== DATASET ENTRIES ==

(* Terms of the calculus. [Let t x u] is the explicit substitution
   t[x <- u]; [Unit] is the empty tuple (used only when n = 0). *)
Inductive term : Type :=
| Var : var -> term
| Num : R -> term
| App : sym -> list term -> term
| Pair : term -> term -> term
| Unit : term
| Add : term -> term -> term
| Let : term -> var -> term -> term.

Fixpoint tsize (t : term) : nat :=
  match t with
  | Var _ => 1
  | Num _ => 1
  | App _ ts =>
      S ((fix go (l : list term) : nat :=
            match l with [] => 0 | u :: l' => tsize u + go l' end) ts)
  | Pair t u => S (tsize t + tsize u)
  | Unit => 1
  | Add t u => S (tsize t + tsize u)
  | Let t x u => 2 + tsize t + tsize u
  end.

Inductive gterm : Type :=
| GVar : var -> gterm
| GLet : gterm -> var -> gterm -> gterm      (* GLet F z G = F[z <- G] *)
| GApp : sym -> list var -> gterm
| GNum : R -> gterm
| GAdd : gterm -> gterm -> gterm.

Fixpoint embed (G : gterm) : term :=
  match G with
  | GVar x => Var x
  | GLet F z H => Let (embed F) z (embed H)
  | GApp f ys => App f (map Var ys)
  | GNum r => Num r
  | GAdd F H => Add (embed F) (embed H)
  end.

Definition gsize (G : gterm) : nat := tsize (embed G).

Fixpoint ground_wf (s : signature) (G : gterm) : Prop :=
  match G with
  | GVar _ => True
  | GLet F _ H => ground_wf s F /\ ground_wf s H
  | GApp f ys => In f (symF s) /\ length ys = arity s f
  | GNum _ => True
  | GAdd F H => ground_wf s F /\ ground_wf s H
  end.

Fixpoint free_vars (G : gterm) : list var :=
  match G with
  | GVar x => [x]
  | GLet F z H => remove Nat.eq_dec z (free_vars F) ++ free_vars H
  | GApp _ ys => ys
  | GNum _ => []
  | GAdd F H => free_vars F ++ free_vars H
  end.

Fixpoint all_vars (G : gterm) : list var :=
  match G with
  | GVar x => [x]
  | GLet F z H => z :: all_vars F ++ all_vars H
  | GApp _ ys => ys
  | GNum _ => []
  | GAdd F H => all_vars F ++ all_vars H
  end.

Definition is_zero (t : term) : bool :=
  match t with
  | Num r => if Req_EM_T r 0%R then true else false
  | _ => false
  end.

Definition oplus (t u : term) : term :=
  if is_zero t then u else if is_zero u then t else Add t u.

(* substitution contexts {.}[p1<-t1]...[pm<-tm], as lists [(p1,t1);..] *)
Definition subctx := list (var * term).
Definition app_ctx (t : term) (al : subctx) : term :=
  fold_left (fun acc pu => Let acc (fst pu) (snd pu)) al t.

Fixpoint tuple (l : list term) : term :=
  match l with
  | [] => Unit
  | [t] => t
  | t :: l' => Pair t (tuple l')
  end.

(* result of bp: <G0, <G1..Gn> alpha> beta *)
Record bpres := { r0 : term; rcomps : list term; ralpha : subctx; rbeta : subctx }.

Definition render (r : bpres) : term :=
  app_ctx (Pair (r0 r) (app_ctx (tuple (rcomps r)) (ralpha r))) (rbeta r).

(* position (0-based) of the LAST occurrence of y in xs (innermost binder) *)
Fixpoint lastpos_aux (y : var) (xs : list var) (i : nat) (acc : option nat)
  : option nat :=
  match xs with
  | [] => acc
  | x :: xs' => lastpos_aux y xs' (S i) (if Nat.eqb x y then Some i else acc)
  end.
Definition lastpos y xs := lastpos_aux y xs 0 None.

Definition opt_eqb (o : option nat) (i : nat) : bool :=
  match o with Some j => Nat.eqb i j | None => false end.

Definition dsym (s : signature) (j : nat) (f : sym) : sym :=
  match deriv s j f with Some g => g | None => f end.

Definition nth_t (i : nat) (l : list term) : term := nth i l (Num 0%R).

(* bp_{xs,a}(G), threading a counter c of fresh variable names *)
Fixpoint bp_aux (s : signature) (xs : list var) (a : var) (G : gterm) (c : nat)
  : bpres * nat :=
  let n := length xs in
  match G with
  | GVar y =>
      ({| r0 := Var y;
          rcomps := map (fun i => if opt_eqb (lastpos y xs) i then Var a else Num 0%R)
                        (seq 0 n);
          ralpha := []; rbeta := [] |}, c)
  | GNum r =>
      ({| r0 := Num r; rcomps := repeat (Num 0%R) n; ralpha := []; rbeta := [] |}, c)
  | GApp f ys =>
      let arg := map Var ys in
      ({| r0 := App f arg;
          rcomps :=
            map (fun i =>
                   fold_left oplus
                     (map (fun j => App (mul s) [App (dsym s (S j) f) arg; Var a])
                          (filter (fun j => opt_eqb (lastpos (nth j ys 0) xs) i)
                                  (seq 0 (length ys))))
                     (Num 0%R))
                (seq 0 n);
          ralpha := []; rbeta := [] |}, c)
  | GLet F1 z F2 =>
      let b := c in
      let (r1, c1) := bp_aux s (xs ++ [z]) a F1 (S c) in
      let (r2, c2) := bp_aux s xs b F2 c1 in
      let H := nth_t n (rcomps r1) in
      if is_zero H then
        ({| r0 := r0 r1; rcomps := firstn n (rcomps r1); ralpha := ralpha r1;
            rbeta := rbeta r1 ++ [(z, r0 r2)] ++ rbeta r2 |}, c2)
      else
        ({| r0 := r0 r1;
            rcomps := map (fun i => oplus (nth_t i (rcomps r1)) (nth_t i (rcomps r2)))
                          (seq 0 n);
            ralpha := ralpha r2 ++ [(b, H)] ++ ralpha r1;
            rbeta := rbeta r1 ++ [(z, r0 r2)] ++ rbeta r2 |}, c2)
  | GAdd F1 F2 =>
      let (r1, c1) := bp_aux s xs a F1 c in
      let (r2, c2) := bp_aux s xs a F2 c1 in
      ({| r0 := Add (r0 r1) (r0 r2);
          rcomps := map (fun i => oplus (nth_t i (rcomps r1)) (nth_t i (rcomps r2)))
                        (seq 0 n);
          ralpha := ralpha r1 ++ ralpha r2;
          rbeta := rbeta r1 ++ rbeta r2 |}, c2)
  end.

Definition fresh_start (G : gterm) (xs : list var) (a : var) : nat :=
  S (fold_right Nat.max a (all_vars G ++ xs)).

Definition bp (s : signature) (xs : list var) (a : var) (G : gterm) : term :=
  render (fst (bp_aux s xs a G (fresh_start G xs a))).

(* Give every component of the gradient tuple the weight |t| + 1, except the
   numeral 0 which weighs nothing; then [t ⊕ u] never weighs more than [t] and
   [u] together, the extra 1 paying for the [+] node.  The potential
   "size of G0 + weights of the components + sizes of the two substitution
   contexts" then grows by a constant at each let and each sum, and by
   O(k^2) <= O(K k) at an application f(y1..yk), because each argument y_j feeds
   exactly one component.  Rendering adds only the tuple skeleton, of size
   O(n), and n <= |G| since every x_i occurs free in G. *)

From Stdlib Require Import Reals List Arith Lia.
Import ListNotations.
Open Scope nat_scope.

Definition weight (t : term) : nat := if is_zero t then 0 else S (tsize t).

Definition sum_weight (l : list term) : nat := list_sum (map weight l).

Definition nth_weight_sum (n : nat) (l : list term) : nat :=
  list_sum (map (fun i => weight (nth_t i l)) (seq 0 n)).

Definition ctx_size (al : subctx) : nat :=
  list_sum (map (fun p => 2 + tsize (snd p)) al).

Definition bp_cost (r : bpres) : nat :=
  tsize (r0 r) + sum_weight (rcomps r) + ctx_size (ralpha r) + ctx_size (rbeta r).

Lemma list_sum_map_le {A} (f g : A -> nat) (l : list A) :
  (forall x, In x l -> f x <= g x) -> list_sum (map f l) <= list_sum (map g l).
Proof.
  induction l as [|x l IH]; simpl; intros Hfg; [lia|].
  pose proof (Hfg x (or_introl eq_refl)).
  pose proof (IH (fun y Hy => Hfg y (or_intror Hy))). lia.
Qed.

===

# REQUIRED ACTION
Report how many lines in the listing above hold the string "length", giving the number and no other words.

# WRITTEN REPLY
3